Problem: It’s not just gene-related experiments that are producing a flood of data—proteomics has blossomed, too, as new and improved mass spectrometers generate mountains of raw data comprising mixtures of thousands of proteins. Researchers identify proteins in the mix by using powerful computers to compare the sample against thousands of existing entries in a database. “It’s hard to own the computers fast enough to process the data,” explains developer Andy Greene, “and hard to spend time and money to maintain them once the analysis is over.”
Project: Virtual Proteomics Data Analysis Cluster (proteomics.mcw.edu/vipdac)
Developer: Andy Greene, Director of the Biotechnology and Bioengineering Center, Medical College of Wisconsin
Solution: Greene developed ViPDAC for cloud-based analyses on large proteomics datasets. With ViPDAC, multiple analyses can run simultaneously, so that users can try things they normally wouldn’t have tried before because of a lack of computer resources, Greene says. For example, a user can test how changing the parameters in parallel analyses alters the output of a protein search.
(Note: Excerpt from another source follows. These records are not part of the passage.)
Lemma lc_nz_gap3 k : p`_k * p`_k.+3 <= p`_k.+1 * p`_k.+2.
Proof.
case: p_lc => ge0 lc nz.
have := ge0 k; rewrite le0r => /orP[/eqP-> | pk_gt0]; first by rewrite mul0r mulr_ge0.
have := ge0 k.+3; rewrite le0r => /orP[/eqP-> | pk3_gt0]; first by rewrite mulr0 mulr_ge0.
have y_gt0 : 0 < p`_k.+1 by apply: (nz k k.+1 k.+3) => //; lia.
have z_gt0 : 0 < p`_k.+2 by apply: (nz k k.+2 k.+3) => //; lia.
have yz_gt0 := mulr_gt0 y_gt0 z_gt0.
rewrite -(ler_pM2r yz_gt0).
have := ler_pM (mulr_ge0 (ge0 k) (ge0 k.+2)) (mulr_ge0 (ge0 k.+1) (ge0 k.+3))
          (lc k) (lc k.+1).
rewrite !expr2 => h; lra.
Qed.

Lemma prev_coef_ge0 k : 0 <= prev_coef p k.
Proof. by case: p_lc => ge0 _ _; case: k. Qed.

(* The mixed inequality a_(k-1) a_(k+2) <= a_k a_(k+1) needed for the
   log-concavity of (X + a) p, with a_(-1) = 0. *)
Lemma lc_nz_prev k : prev_coef p k * p`_k.+2 <= p`_k * p`_k.+1.
Proof.
case: p_lc => ge0 _ _; case: k => [|k] /=; last exact: lc_nz_gap3.
by rewrite mul0r mulr_ge0.
Qed.

End LogConcaveFacts.

Section LinearFactor.
Variables (a : int) (p : {poly int}).
Hypotheses (a_gt0 : 0 < a) (p_lc : lc_nz p).

Lemma coef_mulXaddC_gt0 k :
  0 < (('X + a%:P) * p)`_k -> exists2 i, (i <= k <= i.+1)%N & 0 < p`_i.
Proof.
case: p_lc => ge0 _ _; rewrite coef_mulXaddC.
have := ge0 k; rewrite le0r => /orP[/eqP-> | pk_gt0]; last first.
  by exists k; rewrite ?leqnn ?leqnSn.
rewrite mulr0 addr0; case: k => [|k] /=; first by rewrite ltxx.
by move=> pk_gt0; exists k; rewrite ?leqnSn ?leqnn.
Qed.
(* Let $\kappa:[-1,1]\to\mathbb{R}$ be given by $\kappa(t)=\sum_{q\ge 0}\frac{J_q^2}{q!}t^q$, where $J_q\in\mathbb{R}$, $J_q\neq 0$ for infinitely many $q$, $\sum_{q\ge1}\frac{|J_q|}{(q-1)!}<\infty$ (so that $\kappa\in C^1([-1,1])$), and $\kappa(1)=1$. For $L\ge1$ let $\kappa_L=\kappa\circ\cdots\circ\kappa$ ($L$ times). Assume $\kappa'(1)<1$. Then for every $t\in[-1,1]$ the limit \[ \mathfrak{L}(t)=\lim_{L\to\infty}(\kappa'(1))^{-L}\bigl(1-\kappa_L(t)\bigr) \] exists in $[0,\infty)$. Moreover, if in addition there exist $c\in\mathbb{R}\setminus\{0\}$ and $\rho>1$ such that \[ 1-\kappa(t)=\kappa'(1)(1-t)-c(1-t)^{\rho}+o\bigl((1-t)^{\rho}\bigr)\quad\text{as } t\to1^-, \] then $\mathfrak{L}(t)=0$ if and only if $t\in\mathcal{I}(\kappa):=\{s\in[-1,1]:\kappa(s)=1\}$. *)

From Stdlib Require Import Reals Factorial.
From Coquelicot Require Import Coquelicot.
Open Scope R_scope.

Definition kappa (J : nat -> R) (t : R) : R :=
  Series (fun q => J q ^ 2 / INR (fact q) * t ^ q).

Definition kappa_iter (J : nat -> R) (L : nat) (t : R) : R :=
  Nat.iter L (kappa J) t.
ViPDAC gives users estimates of how much time and money an analysis will take so that they can determine how many processors they’d like to rent. “If there’s a conference in 2 weeks, you can opt for the ViPDAC analysis that will take 1 week, use 10 processors, and cost 75 cents” says Greene. “Or if you need the data for a lab meeting today, you might decide to pay the $250 for 5,000 processors because it’s on your PI’s card.”
Pro: Greene’s team compared a search for proteases in a sample of rat urine using a local cluster and using the cloud with ViPDAC. From their results, they extrapolated that searching the entire sample on a desktop computer would take 140 days, as compared to 5.7 days using a 20-node ViPDAC cluster.
Con: Uploading data onto the cloud is the rate-limiting step. If the connection between an institution and the cloud is slow, it can take hours to upload data from a local server onto the cloud.